Als das „Gesetz über die Bildung einer neuen Stadtgemeinde Berlin“ am 1. Oktober 1920 in Kraft trat, lag eine langjährige Auseinandersetzung über die Vergrößerung Berlins hinter den politisch Verantwortlichen. Die sozialen Probleme der dicht besiedelten Stadt Berlin und der Wohlstand der umliegenden Großstädte und Gemeinden sollten durch die große Eingemeindung zu einem Ausgleich gebracht werden.
Die Missstände durch beengte Wohnverhältnisse, Arbeits- und Perspektivlosigkeit waren seit den 1910er Jahren immer wieder auch Thema in der Bildenden Kunst. Neben Hans Baluschek und Heinrich Zille galt vor allem Käthe Kollwitz als engagierte Künstlerin, die soziales Elend mit Empathie und eindringlicher Bildsprache zu schildern verstand. Durchgängig finden sich in ihrem Werk sozial engagierte Motive, die sie meist im Auftrag schuf. So wandte sie sich 1906 und 1925 gegen das Elend der Heimarbeiterinnen, 1908/09 schuf sie für die Zeitschrift Simplicissimus eine Serie „Bilder vom Elend“, in der sie neben den ungewollten Schwangerschaften der Frauen auch Alkoholismus und Gewalt thematisierte.
Bereits 1912 unterstützte sie mit einem Plakat die Bildung einer Gemeinde Groß-Berlin, um nach deren Schaffung immer wieder auf weiterhin bestehende Missstände, vor allem in den wirtschaftlichen schweren Jahren nach dem verlorenen Ersten Weltkrieg, hinzuweisen. Mit „Flugblättern gegen den Wucher“ machte sie 1920 im Auftrag des Staatskommissars für Volksernährung auf die schlechte Ernährungslage und die nachfolgenden Krankheiten aufmerksam, sie schuf Plakate gegen den Alkoholkonsum (1922) und für die Abschaffung des Paragrafen 218 (1923).
Als sich in Folge der Hyperinflation die Ernährungslage der armen Bevölkerungsschicht dramatisch verschlechterte schloss sich Käthe Kollwitz der Fraueninitiative zur Schaffung von Suppenküchen an. Zur Finanzierung sollte „Ernährungsgeld“ gekauft werden, wofür Kollwitz 1924 auf Plakaten warb.

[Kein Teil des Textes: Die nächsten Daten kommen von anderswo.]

(* Let $\mathbb{K}$ be a field of characteristic $0$, let $m\geq 2$ and $d\geq 2$ be integers, let $M_1,\ldots,M_{\tau_m}$, $\tau_m=\binom{m+d-2}{d-1}$, be all the monomials of degree $d-1$ in $u_1,\ldots,u_m$, let $f=\sum_{j=1}^{\tau_m}x_jM_j$, and let $A=Q/\operatorname{Ann}_Q(f)$ be the associated full Perazzo algebra, where $Q=\mathbb{K}[X_1,\ldots,X_{\tau_m},U_1,\ldots,U_m]$ acts by differentiation. Then for $k=1,\ldots,\lfloor d/2\rfloor$, \[\dim_{\mathbb{K}} A_k=\binom{m+k-1}{k}+\binom{m+d-k-1}{d-k}.\] Moreover, for fixed $d$ there is $m_0$ such that for all $m\geq m_0$ the Hilbert function of $A$ is totally non-unimodal, i.e. $h_1>h_2>\cdots>h_{\lfloor d/2\rfloor}$ where $h_i=\dim A_i$.
   Context: $A$ is a standard graded Artinian Gorenstein algebra of socle degree $d$ and codimension $m+\tau_m$. *)

From HB Require Import structures.
From mathcomp Require Import all_boot all_order all_algebra.
From mathcomp Require Import mpoly.
Set Implicit Arguments. Unset Strict Implicit. Unset Printing Implicit Defensive.
Import Order.TTheory GRing.Theory Num.Theory.
Local Open Scope ring_scope.

Section Perazzo.
Variable K : fieldType.

Definition mons (n k : nat) : seq 'X_{1..n} :=
  [seq val mu | mu <- enum [pred mu : 'X_{1..n < k.+1} | mdeg (val mu) == k]].

Definition tau (m d : nat) : nat := size (mons m d.-1).

(* Number of variables of Q = K[X_1..X_tau, U_1..U_m] (and of R = K[x,u]):
   indices 0..tau-1 are the X_j (x_j), indices tau..tau+m-1 the U_i (u_i). *)
Definition nvars (m d : nat) : nat := tau m d + m.

Definition liftu (m d : nat) (mu : 'X_{1..m}) : 'X_{1..nvars m d} :=
  [multinom (match split i with inl _ => 0%N | inr j => mu j end)
   | i < nvars m d].

Definition xvar (m d : nat) (j : 'I_(tau m d)) : 'I_(nvars m d) := lshift m j.

Definition perazzo_f (m d : nat) : {mpoly K[nvars m d]} :=
  \sum_(j < tau m d) 'X_(xvar j) * 'X_[liftu d (nth 0%MM (mons m d.-1) j)].

Definition contract (n : nat) (alpha F : {mpoly K[n]}) : {mpoly K[n]} :=
  \sum_(mu <- msupp alpha) alpha@_mu *: mderivm mu F.

Definition Ann (n : nat) (F : {mpoly K[n]}) : pred {mpoly K[n]} :=
  [pred alpha | contract alpha F == 0].

Definition dimQ (n k : nat) : nat := size (mons n k).

Definition Qform (n k : nat) (c : 'rV[K]_(dimQ n k)) : {mpoly K[n]} :=
  \sum_(i < dimQ n k) c 0 i *: 'X_[nth 0%MM (mons n k) i].

(* Matrix of the linear map Q_k -> R, alpha |-> alpha o F, written in the
   monomial bases (target: all monomials of degree <= b; for F of degree
   <= b this captures alpha o F entirely). *)
Definition actmx (n k b : nat) (F : {mpoly K[n]}) :
  'M[K]_(dimQ n k, #|{: 'X_{1..n < b.+1}}|) :=
  \matrix_(i < dimQ n k, j < #|{: 'X_{1..n < b.+1}}|)
     (contract 'X_[nth 0%MM (mons n k) i] F)@_(val (enum_val j)).

(* (Ann_Q F)_k as a subspace of Q_k (row space of kermx), so that
   c is in it iff Qform c \in Ann F  (for F of degree <= b). *)
Definition Ann_k (n k b : nat) (F : {mpoly K[n]}) := kermx (actmx k b F).

Definition dimA (m d k : nat) : nat :=
  (dimQ (nvars m d) k - \rank (Ann_k k d (perazzo_f m d)))%N.

End Perazzo.

(* In the monomial bases, the matrix of alpha |-> alpha o f on Q_k has a nonzero
   entry at (x^chi u^mu, x^chi' u^mu') exactly when chi + chi' = x_j and
   mu + mu' = M_j for some j: the entry is a falling factorial times a
   coefficient of f, and char K = 0.  For 1 <= k < d, the rows with chi = 0 are
   the u-monomials of degree k, and a row with chi <> 0 can only meet columns
   that are u-monomials of degree d - k; hence rank <= C(m+k-1,k) + C(m+d-k-1,d-k).
   A diagonal minor of that size gives equality, and dim A_k is that rank.
   Total non-unimodality is then a binomial inequality: by Pascal's rule and
   monotonicity of C(n+t,t) in t, h_{i+1} < h_i as soon as m >= d + 3. *)

From HB Require Import structures.
From mathcomp Require Import all_boot all_order all_algebra.
From mathcomp Require Import mpoly.
From mathcomp Require Import zify.
Import Order.TTheory GRing.Theory Num.Theory.
Set Implicit Arguments. Unset Strict Implicit. Unset Printing Implicit Defensive.

Lemma mem_mons n k (mu : 'X_{1..n}) : (mu \in mons n k) = (mdeg mu == k).
Proof.
apply/mapP/idP => [[b]|/eqP mu_k].
  by rewrite mem_enum inE => /eqP b_k ->; rewrite b_k.
have mu_lt : mdeg mu < k.+1 by rewrite mu_k.
by exists (Sub mu mu_lt : 'X_{1..n < k.+1}); rewrite // mem_enum inE /= mu_k.
Qed.

Lemma uniq_mons n k : uniq (mons n k).
Proof. by rewrite map_inj_uniq ?enum_uniq //; apply: val_inj. Qed.

Lemma size_mons n k : size (mons n.+1 k) = 'C(k + n, k).
Proof.
rewrite -(size_basis n k); apply/perm_size/uniq_perm.
- exact: uniq_mons.
- exact: uniq_basis.
- by move=> mu; rewrite mem_mons basis_cover.
Qed.

Lemma mdeg_nth_mons n k (i : 'I_(size (mons n k))) : mdeg (nth 0%MM (mons n k) i) = k.
Proof. by apply/eqP; rewrite -mem_mons mem_nth. Qed.

Lemma nth_mons_inj n k : injective (fun i : 'I_(size (mons n k)) => nth 0%MM (mons n k) i).
Proof. by move=> i j /eqP; rewrite nth_uniq ?uniq_mons // => /eqP/ord_inj. Qed.

Lemma nth_mons_onto n k (mu : 'X_{1..n}) : mdeg mu = k ->
  exists i : 'I_(size (mons n k)), nth 0%MM (mons n k) i = mu.
Proof.
by move=> /eqP; rewrite -mem_mons => /(nthP 0%MM) [i lt_i_s <-]; exists (Ordinal lt_i_s).
Qed.

Section MonomialConcatenation.
Variables p q : nat.
Implicit Types (chi : 'X_{1..p}) (mu : 'X_{1..q}) (nu : 'X_{1..p + q}).

Definition mnm_cat chi mu : 'X_{1..p + q} :=
  [multinom match split i with inl a => chi a | inr b => mu b end | i < p + q].
Definition mnm_lpart nu : 'X_{1..p} := [multinom nu (lshift q i) | i < p].
Definition mnm_rpart nu : 'X_{1..q} := [multinom nu (rshift p i) | i < q].

Lemma mnm_cat_lshift chi mu i : mnm_cat chi mu (lshift q i) = chi i.
Proof. by rewrite mnmE (unsplitK (inl i)). Qed.

Lemma mnm_cat_rshift chi mu i : mnm_cat chi mu (rshift p i) = mu i.
Proof. by rewrite mnmE (unsplitK (inr i)). Qed.

Lemma mnm_lpart_cat chi mu : mnm_lpart (mnm_cat chi mu) = chi.
Proof. by apply/mnmP => i; rewrite mnmE mnm_cat_lshift. Qed.

Lemma mnm_rpart_cat chi mu : mnm_rpart (mnm_cat chi mu) = mu.
Proof. by apply/mnmP => i; rewrite mnmE mnm_cat_rshift. Qed.

Lemma mnm_cat_parts nu : mnm_cat (mnm_lpart nu) (mnm_rpart nu) = nu.
Proof.
apply/mnmP => i; rewrite -(splitK i); case: (split i) => j /=.
  by rewrite mnm_cat_lshift mnmE.
by rewrite mnm_cat_rshift mnmE.
Qed.

Lemma mnm_cat_inj chi mu chi' mu' :
  mnm_cat chi mu = mnm_cat chi' mu' -> chi = chi' /\ mu = mu'.
Proof.
move=> E; split.
  by rewrite -(mnm_lpart_cat chi mu) E mnm_lpart_cat.
by rewrite -(mnm_rpart_cat chi mu) E mnm_rpart_cat.
Qed.

Lemma mnm_catD chi mu chi' mu' :
  (mnm_cat chi mu + mnm_cat chi' mu' = mnm_cat (chi + chi') (mu + mu'))%MM.
Proof.
apply/mnmP => i; rewrite mnmDE !mnmE.
by case: (split i) => j; rewrite mnmDE.
Qed.

Lemma mdeg_mnm_cat chi mu : mdeg (mnm_cat chi mu) = mdeg chi + mdeg mu.
Proof.
rewrite !mdegE big_split_ord /=; congr (_ + _); apply: eq_bigr => i _.
  by rewrite mnm_cat_lshift.
by rewrite mnm_cat_rshift.
Qed.

Lemma mdeg_mnm_parts nu : mdeg nu = mdeg (mnm_lpart nu) + mdeg (mnm_rpart nu).
Proof. by rewrite -mdeg_mnm_cat mnm_cat_parts. Qed.

Lemma mnm_cat_U i : mnm_cat U_(i)%MM 0%MM = U_(lshift q i)%MM.
Proof.
apply/mnmP => j; rewrite -(splitK j); case: (split j) => j' /=.
  by rewrite mnm_cat_lshift !mnm1E (inj_eq (@lshift_inj _ _)).
rewrite mnm_cat_rshift mnm0E mnm1E eq_sym; case: eqP => // /(congr1 val) /= E.
by have := ltn_ord i; rewrite -E ltnNge leq_addr.
Qed.

End MonomialConcatenation.

Section PerazzoMatrix.
Variable K : fieldType.
Hypothesis charK0 : [pchar K]%R =i pred0.
Variables m d : nat.

Local Notation T := (tau m d).
Local Notation n := (nvars m d).

Definition perazzo_mon (j : 'I_T) : 'X_{1..m} := nth 0%MM (mons m d.-1) j.
Definition perazzo_term (j : 'I_T) : 'X_{1..n} := mnm_cat U_(j)%MM (perazzo_mon j).

Lemma mdeg_perazzo_mon j : mdeg (perazzo_mon j) = d.-1.
Proof. exact: mdeg_nth_mons. Qed.

Lemma liftuE (mu : 'X_{1..m}) : liftu d mu = mnm_cat 0%MM mu.
Proof. by apply/mnmP => i; rewrite !mnmE; case: split => //= j; rewrite mnm0E. Qed.

Lemma mcoeff_perazzo_f mu :
  ((perazzo_f K m d)@_mu = (\sum_(j < T) (mu == perazzo_term j))%:R)%R.
Proof.
rewrite /perazzo_f raddf_sum natr_sum /=; apply: eq_bigr => j _.
by rewrite -mpolyXD mcoeffX liftuE /xvar -mnm_cat_U mnm_catD addm0 add0m eq_sym.
Qed.

Lemma eq_perazzo_term (nu nu' : 'X_{1..n}) j :
  (nu + nu' == perazzo_term j)%MM =
  (mnm_lpart nu + mnm_lpart nu' == U_(j))%MM &&
  (mnm_rpart nu + mnm_rpart nu' == perazzo_mon j)%MM.
Proof.
rewrite -{1}[nu]mnm_cat_parts -{1}[nu']mnm_cat_parts mnm_catD.
by apply/eqP/andP => [/mnm_cat_inj[-> ->]|[/eqP-> /eqP->]].
Qed.

(* The entry is a falling-factorial multiple of a coefficient of f, hence
   nonzero in characteristic 0 exactly when that coefficient is. *)
Lemma actmx_perazzo_neq0 k i j :
  (actmx k d (perazzo_f K m d) i j != 0)%R =
  [exists jj : 'I_T,
     (mnm_lpart (nth 0%MM (mons n k) i) + mnm_lpart (val (enum_val j)) == U_(jj))%MM &&
     (mnm_rpart (nth 0%MM (mons n k) i) + mnm_rpart (val (enum_val j)) == perazzo_mon jj)%MM].
Proof.
rewrite /actmx mxE /contract msuppX big_seq1 mcoeffX eqxx scale1r.
rewrite mcoeff_mderivm mcoeff_perazzo_f -mulrnA ((pcharf0P K).1 charK0).
set P := (\prod_(_ < _) _)%N.
have P_gt0 : 0 < P by apply: prodn_gt0 => l; rewrite ffact_gt0 mnmDE leq_addr.
rewrite muln_eq0 negb_or -[P != 0]lt0n P_gt0 andbT sum_nat_eq0 negb_forall.
by apply: eq_existsb => jj; rewrite /= eqb0 negbK eq_perazzo_term.
Qed.

End PerazzoMatrix.

Lemma card_leq_size_inj (I : finType) (U : eqType) (S : {pred I}) (f : I -> U)
    (s : seq U) :
  {in S &, injective f} -> {in S, forall i, f i \in s} -> #|S| <= size s.
Proof.
move=> f_inj f_s; rewrite cardE -(size_map f); apply: uniq_leq_size.
  by rewrite map_inj_in_uniq ?enum_uniq // => i j; rewrite !mem_enum; apply: f_inj.
by move=> u /mapP [i]; rewrite mem_enum => Si ->; apply: f_s.
Qed.

Lemma mxrank_leq_support_rows (F : fieldType) p q (B : 'M[F]_(p, q)) (S : {pred 'I_p}) :
  (forall i j, i \notin S -> B i j = 0%R) -> \rank B <= #|S|.
Proof.
move=> B_S.
have B_sub : (B <= \sum_(i in S) <<row i B>>)%MS.
  apply/row_subP => i; have [Si|nSi] := boolP (i \in S).
    by apply: (sumsmx_sup i) => //; rewrite genmxE.
  suff -> : row i B = 0%R by apply: sub0mx.
  by apply/rowP => j; rewrite !mxE B_S.
apply: leq_trans (mxrankS B_sub) _; apply: leq_trans (mxrank_sum_leqif _).1 _.
by rewrite /= -sum1_card; apply: leq_sum => i _; rewrite genmxE rank_leq_row.
Qed.

Lemma mxrank_geq_diag_pattern (F : fieldType) p q (A : 'M[F]_(p, q)) (I : finType)
    (f : I -> 'I_p) (g : I -> 'I_q) :
  (forall s t, (A (f s) (g t) != 0%R) = (s == t)) -> #|I| <= \rank A.
Proof.
move=> A_diag; pose e := @enum_val I predT.
pose B := rowsub (f \o e) (colsub (g \o e) A).
have B_diag : B = diag_mx (\row_s A (f (e s)) (g (e s))).
  apply/matrixP => s t; rewrite !mxE.
  have [->|neq_st] := eqVneq s t; first by rewrite mulr1n.
  apply/eqP; rewrite mulr0n -[_ == _]negbK A_diag.
  by rewrite (inj_eq enum_val_inj) neq_st.
have rank_B : \rank B = #|I|.
  apply: mxrank_unit; rewrite B_diag unitmxE det_diag unitfE.
  by apply/prodf_neq0 => s _; rewrite mxE A_diag.
rewrite -rank_B /B rowsubE; apply: leq_trans (mxrankM_maxr _ _) _.
have -> : colsub (g \o e) A = (A *m colsub (g \o e) 1%:M)%R.
  by rewrite mulmx_colsub mulmx1.
exact: mxrankM_maxl.
Qed.
(* Let $\mathbf z=(z_i)_{i=1}^N$ be a crystal. Then for every $\mathbf h=(h_i)_{i=1}^N\in(\mathbb R^d)^N$, $$(\mathbf h,\mathrm{Hess}H(\mathbf z)\mathbf h)=\frac{\check c}{a^2}\sum_{\langle i,j\rangle}(h_i-h_j,z_i-z_j)^2\ge0,$$ where the sum is over all pairs $\{i,j\}$ with $|z_i-z_j|=a$.
   Context: Let $d\ge1$ and $U\in C^3_0(\mathbb R)$ even, with a unique $a>0$ such that $U(a)=\min_{r\ge0}U(r)$, and $\check c:=U''(a)>0$; $U(x)=U(|x|)$ for $x\in\mathbb R^d$; $b=\inf\{r>0:U(s)=0\text{ for all }s>r\}$. $H(\mathbf x)=\sum_{1\le i<j\le N}U(x_i-x_j)$ for $\mathbf x\in(\mathbb R^d)^N$. A crystal is $\mathbf z\in(\mathbb R^d)^N$ such that for every $i\ne j$, $|z_i-z_j|=a$ or $|z_i-z_j|>b$. $\mathrm{Hess}H(\mathbf x)=(\partial^2H/\partial x_i^\alpha\partial x_j^\beta)$ and $(\mathbf h,\mathrm{Hess}H(\mathbf x)\mathbf h)=\sum_{i,j}\sum_{\alpha,\beta}\frac{\partial^2H}{\partial x_i^\alpha\partial x_j^\beta}(\mathbf x)h_i^\alpha h_j^\beta$. *)

From Stdlib Require Import Reals Lra.
From Coquelicot Require Import Coquelicot.
Open Scope R_scope.

Fixpoint rsum (n : nat) (f : nat -> R) : R :=
  match n with
  | O => 0
  | S m => rsum m f + f m
  end.

(* A configuration (x_i)_{i<N} in (R^d)^N is encoded as x : nat -> nat -> R,
   x i alpha = alpha-th coordinate of the i-th particle (i < N, alpha < d). *)
Definition config := nat -> nat -> R.

Definition dotd (d : nat) (u v : nat -> R) : R := rsum d (fun al => u al * v al).
Definition normd (d : nat) (v : nat -> R) : R := sqrt (dotd d v v).

Definition diffv (x : config) (i j : nat) : nat -> R := fun al => x i al - x j al.

Definition Hpot (U : R -> R) (N d : nat) (x : config) : R :=
  rsum N (fun j => rsum j (fun i => U (normd d (diffv x i j)))).

Definition upd (x : config) (i al : nat) (t : R) : config :=
  fun k be => if andb (Nat.eqb k i) (Nat.eqb be al) then t else x k be.

Definition pderiv (i al : nat) (F : config -> R) (x : config) : R :=
  Derive (fun t => F (upd x i al t)) (x i al).

Definition hess (F : config -> R) (x : config) (i al j be : nat) : R :=
  pderiv i al (pderiv j be F) x.

Definition hess_form (N d : nat) (F : config -> R) (x h : config) : R :=
  rsum N (fun i => rsum N (fun j => rsum d (fun al => rsum d (fun be =>
    hess F x i al j be * h i al * h j be)))).

(* b = inf { r > 0 : U(s) = 0 for all s > r }  (in Rbar; +oo if the set is empty) *)
Definition b_of (U : R -> R) : Rbar :=
  Glb_Rbar (fun r => 0 < r /\ forall s, r < s -> U s = 0).

Definition crystal (U : R -> R) (a : R) (N d : nat) (z : config) : Prop :=
  forall i j, (i < N)%nat -> (j < N)%nat -> i <> j ->
    normd d (diffv z i j) = a \/ Rbar_lt (b_of U) (Finite (normd d (diffv z i j))).

Definition bond_sum (a : R) (N d : nat) (z h : config) : R :=
  rsum N (fun j => rsum j (fun i =>
    if Req_EM_T (normd d (diffv z i j)) a
    then (dotd d (diffv h i j) (diffv z i j)) ^ 2 else 0)).

From Stdlib Require Import Reals Lra Lia Classical.
From Coquelicot Require Import Coquelicot.
Open Scope R_scope.

(* At a configuration where |z_k - z_l| = r > 0 and U'(r) = 0, the Hessian of the pair term
   U(|x_k - x_l|) is U''(r)/r^2 times the square of the component of h_k - h_l along z_k - z_l:
   the transversal part U'(r)/r of the Hessian vanishes.  In a crystal every pair is either a
   bond (r = a, and U'(a) = 0 because a minimises U on [0, oo)) or farther apart than b, where U
   vanishes near r, so that U'(r) = U''(r) = 0.  Summing over pairs gives the formula, and
   U''(a) > 0 gives its sign. *)

Lemma rsum_ext n f g : (forall m, (m < n)%nat -> f m = g m) -> rsum n f = rsum n g.
Proof.
  induction n as [|n IH]; intros Hfg; simpl; [reflexivity|].
  rewrite IH by (intros m Hm; apply Hfg; lia).
  rewrite Hfg by lia; reflexivity.
Qed.

Lemma rsum_plus n f g : rsum n (fun m => f m + g m) = rsum n f + rsum n g.
Proof. induction n as [|n IH]; simpl; [ring | rewrite IH; ring]. Qed.

Lemma rsum_minus n f g : rsum n (fun m => f m - g m) = rsum n f - rsum n g.
Proof. induction n as [|n IH]; simpl; [ring | rewrite IH; ring]. Qed.

Lemma rsum_mult_l n c f : rsum n (fun m => c * f m) = c * rsum n f.
Proof. induction n as [|n IH]; simpl; [ring | rewrite IH; ring]. Qed.

Lemma rsum_mult_r n c f : rsum n (fun m => f m * c) = rsum n f * c.
Proof. induction n as [|n IH]; simpl; [ring | rewrite IH; ring]. Qed.

Lemma rsum_0 n : rsum n (fun _ => 0) = 0.
Proof. induction n as [|n IH]; simpl; [ring | rewrite IH; ring]. Qed.

Lemma rsum_nonneg n f : (forall m, (m < n)%nat -> 0 <= f m) -> 0 <= rsum n f.
Proof.
  induction n as [|n IH]; intros Hf; simpl; [lra|].
  apply Rplus_le_le_0_compat; [apply IH; intros m Hm|]; apply Hf; lia.
Qed.

Lemma rsum_kronecker n k f : (k < n)%nat -> rsum n (fun m => if m =? k then f m else 0) = f k.
Proof.
  induction n as [|n IH]; intros Hk; [lia|]; simpl.
  destruct (Nat.eq_dec k n) as [->|Hkn].
  - rewrite Nat.eqb_refl, (rsum_ext _ _ (fun _ => 0)), rsum_0; [ring|].
    intros m Hm; destruct (Nat.eqb_spec m n); [lia | reflexivity].
  - rewrite IH by lia; destruct (Nat.eqb_spec n k); [lia | ring].
Qed.

Lemma is_derive_rsum n (f : nat -> R -> R) df x :
  (forall m, (m < n)%nat -> is_derive (f m) x (df m)) ->
  is_derive (fun t => rsum n (fun m => f m t)) x (rsum n df).
Proof.
  induction n as [|n IH]; intros Hf; simpl.
  - apply (is_derive_const (V := R_NormedModule)).
  - apply (is_derive_plus (fun t => rsum n (fun m => f m t)) (f n));
      [apply IH; intros m Hm|]; apply Hf; lia.
Qed.

Lemma locally_forall_lt (x : R) n (P : nat -> R -> Prop) :
  (forall m, (m < n)%nat -> locally x (P m)) ->
  locally x (fun t => forall m, (m < n)%nat -> P m t).
Proof.
  induction n as [|n IH]; intros HP.
  - apply filter_forall; intros; lia.
  - apply filter_imp with (fun t => (forall m, (m < n)%nat -> P m t) /\ P n t).
    + intros t [Hlt Hn] m Hm; destruct (Nat.eq_dec m n) as [->|]; [exact Hn | apply Hlt; lia].
    + apply filter_and; [apply IH; intros m Hm|]; apply HP; lia.
Qed.

Definition pair_sum (N : nat) (G : nat -> nat -> R) : R :=
  rsum N (fun l => rsum l (fun k => G k l)).

Lemma pair_sum_ext N G G' :
  (forall k l, (k < l)%nat -> (l < N)%nat -> G k l = G' k l) -> pair_sum N G = pair_sum N G'.
Proof.
  intros HG; apply rsum_ext; intros l Hl; apply rsum_ext; intros k Hk; apply HG; assumption.
Qed.

Lemma pair_sum_mult_l N c G : pair_sum N (fun k l => c * G k l) = c * pair_sum N G.
Proof.
  unfold pair_sum; rewrite <- rsum_mult_l; apply rsum_ext; intros; apply rsum_mult_l.
Qed.

Lemma pair_sum_nonneg N G :
  (forall k l, (k < l)%nat -> (l < N)%nat -> 0 <= G k l) -> 0 <= pair_sum N G.
Proof.
  intros HG; apply rsum_nonneg; intros l Hl; apply rsum_nonneg; intros k Hk; apply HG; assumption.
Qed.

Lemma is_derive_pair_sum N (G : nat -> nat -> R -> R) dG x :
  (forall k l, (k < l)%nat -> (l < N)%nat -> is_derive (G k l) x (dG k l)) ->
  is_derive (fun t => pair_sum N (fun k l => G k l t)) x (pair_sum N dG).
Proof.
  intros HG; apply is_derive_rsum; intros l Hl; apply is_derive_rsum; intros k Hk; apply HG; assumption.
Qed.

Lemma locally_forall_pairs (x : R) N (P : nat -> nat -> R -> Prop) :
  (forall k l, (k < l)%nat -> (l < N)%nat -> locally x (P k l)) ->
  locally x (fun t => forall k l, (k < l)%nat -> (l < N)%nat -> P k l t).
Proof.
  intros HP.
  apply filter_imp with (fun t => forall l, (l < N)%nat -> forall k, (k < l)%nat -> P k l t).
  - intros t Ht k l Hk Hl; apply Ht; assumption.
  - apply locally_forall_lt; intros l Hl; apply locally_forall_lt; intros k Hk; apply HP; assumption.
Qed.

Definition qform (N d : nat) (M : nat -> nat -> nat -> nat -> R) (h : config) : R :=
  rsum N (fun i => rsum N (fun j => rsum d (fun al => rsum d (fun be =>
    M i al j be * h i al * h j be)))).

Lemma qform_ext N d M M' h :
  (forall i al j be, (i < N)%nat -> (al < d)%nat -> (j < N)%nat -> (be < d)%nat ->
     M i al j be = M' i al j be) ->
  qform N d M h = qform N d M' h.
Proof.
  intros HM; unfold qform.
  apply rsum_ext; intros i Hi; apply rsum_ext; intros j Hj;
  apply rsum_ext; intros al Hal; apply rsum_ext; intros be Hbe.
  rewrite HM by assumption; reflexivity.
Qed.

Unabhängig von diesen Auftragsarbeiten schuf Kollwitz Mitte der 1920er Jahren etliche grafische Blätter, in denen sie die Themen der Plakate aufgriff und künstlerisch verarbeitete. Der Zyklus „Proletariat“ (1924/25) gehört ebenso zu diesen Kunstblättern, wie die Arbeiten „Städtisches Obdach“ von 1926 oder „Das Letzte“ (1924). Aber auch die Werke, die unter dem Motto „Ich will wirken in dieser Zeit“ standen, bereitete sie intensiv zeichnerisch vor. Das Berliner Kollwitz-Museum zeigt in seiner Ausstellung daher viele zeichnerische Entwürfe, die von dem Ringen der Künstlerin um die künstlerische Qualität und den gesteigerten Ausdruck zeugen.
Dank großzügiger Leihgaben aus einer bedeutenden nordrhein-westfälischen Privatsammlung und einer Sammlung aus der Schweiz ist es möglich, Zeichnungen und Druckgrafik vergleichend nebeneinander zu präsentieren. Die große Könnerschaft der Künstlerin wird dabei ebenso deutlich, wie ihr mitfühlendes Engagement.
Die Ausstellung präsentiert ca. 30 selten gezeigte Zeichnungen und Grafiken vornehmlich aus den 1920er Jahren.